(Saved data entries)
● ● ● ● ●
(* Let $(E,B,p,\Gamma)$ be a compact graph bundle and $M\subseteq E$ a compact set. If $\operatorname{End}_s(M)=M$, then $M$ is nowhere dense in $E$.
   Context: Compact graph bundle $(E,B,p,\Gamma)$: $E,B$ compact metric, $\Gamma$ a graph (finite union of arcs pairwise disjoint or meeting only at end-points), $p:E\to B$ continuous surjection, locally trivial via homeomorphisms $h:p^{-1}(U)\to U\times\Gamma$ with $\mathrm{pr}_1\circ h=p$ (canonical). Open $n$-star $\Sigma_n$: $n$-star minus its $n$ end-points. Full sub-star: for $N\ge n\ge2$, an open star $\Sigma_n\subseteq\Sigma_N$ with the same central point that is the union of $n$ of the $N$ half-closed branches of $\Sigma_N$. For $E=B\times\Gamma$, $p=\mathrm{pr}_1$, $M$ closed: $x=(x_1,x_2)\in M$ is a strongly star-like interior point if $\operatorname{ord}(x_2,\Gamma)=N\ge2$ and there exist open $O\ni x_1$ in $B$ and an open $N$-star $\Sigma_N\subseteq\Gamma$, an open neighbourhood of $x_2$ with central point $x_2$, with $\mathcal G=M\cap(O\times\Sigma_N)$ satisfying $\mathcal G\cap(\{x_1\}\times\Gamma)=\{x_1\}\times\Sigma_k$, $k\ge2$, $\Sigma_k$ a full sub-star of $\Sigma_N$, and for every $z\in p(\mathcal G)$, $\mathcal G\cap(\{z\}\times\Gamma)=\{z\}\times\Sigma_{k(z),z}$, $2\le k(z)\le k$, $\Sigma_{k(z),z}$ a full sub-star of $\Sigma_k$; in general bundles transferred via canonical homeomorphisms. $\operatorname{Lint}_s(M)$ is the set of such points and $\operatorname{End}_s(M)=M\setminus\operatorname{Lint}_s(M)$. *)

From HB Require Import structures.
From mathcomp Require Import all_boot all_order all_algebra.
From mathcomp Require Import all_classical all_reals all_analysis.
Set Implicit Arguments. Unset Strict Implicit. Unset Printing Implicit Defensive.
Import Order.TTheory GRing.Theory Num.Theory.
Import numFieldNormedType.Exports.
Local Open Scope classical_set_scope.
Local Open Scope ring_scope.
● ● ● ● ●
| What the task requires |
Give back every line of the data exactly.

| Your solution |
(* Let $(E,B,p,\Gamma)$ be a compact graph bundle and $M\subseteq E$ a compact set. If $\operatorname{End}_s(M)=M$, then $M$ is nowhere dense in $E$.
   Context: Compact graph bundle $(E,B,p,\Gamma)$: $E,B$ compact metric, $\Gamma$ a graph (finite union of arcs pairwise disjoint or meeting only at end-points), $p:E\to B$ continuous surjection, locally trivial via homeomorphisms $h:p^{-1}(U)\to U\times\Gamma$ with $\mathrm{pr}_1\circ h=p$ (canonical). Open $n$-star $\Sigma_n$: $n$-star minus its $n$ end-points. Full sub-star: for $N\ge n\ge2$, an open star $\Sigma_n\subseteq\Sigma_N$ with the same central point that is the union of $n$ of the $N$ half-closed branches of $\Sigma_N$. For $E=B\times\Gamma$, $p=\mathrm{pr}_1$, $M$ closed: $x=(x_1,x_2)\in M$ is a strongly star-like interior point if $\operatorname{ord}(x_2,\Gamma)=N\ge2$ and there exist open $O\ni x_1$ in $B$ and an open $N$-star $\Sigma_N\subseteq\Gamma$, an open neighbourhood of $x_2$ with central point $x_2$, with $\mathcal G=M\cap(O\times\Sigma_N)$ satisfying $\mathcal G\cap(\{x_1\}\times\Gamma)=\{x_1\}\times\Sigma_k$, $k\ge2$, $\Sigma_k$ a full sub-star of $\Sigma_N$, and for every $z\in p(\mathcal G)$, $\mathcal G\cap(\{z\}\times\Gamma)=\{z\}\times\Sigma_{k(z),z}$, $2\le k(z)\le k$, $\Sigma_{k(z),z}$ a full sub-star of $\Sigma_k$; in general bundles transferred via canonical homeomorphisms. $\operatorname{Lint}_s(M)$ is the set of such points and $\operatorname{End}_s(M)=M\setminus\operatorname{Lint}_s(M)$. *)

From HB Require Import structures.
From mathcomp Require Import all_boot all_order all_algebra.
From mathcomp Require Import all_classical all_reals all_analysis.
Set Implicit Arguments. Unset Strict Implicit. Unset Printing Implicit Defensive.
Import Order.TTheory GRing.Theory Num.Theory.
Import numFieldNormedType.Exports.
Local Open Scope classical_set_scope.
Local Open Scope ring_scope.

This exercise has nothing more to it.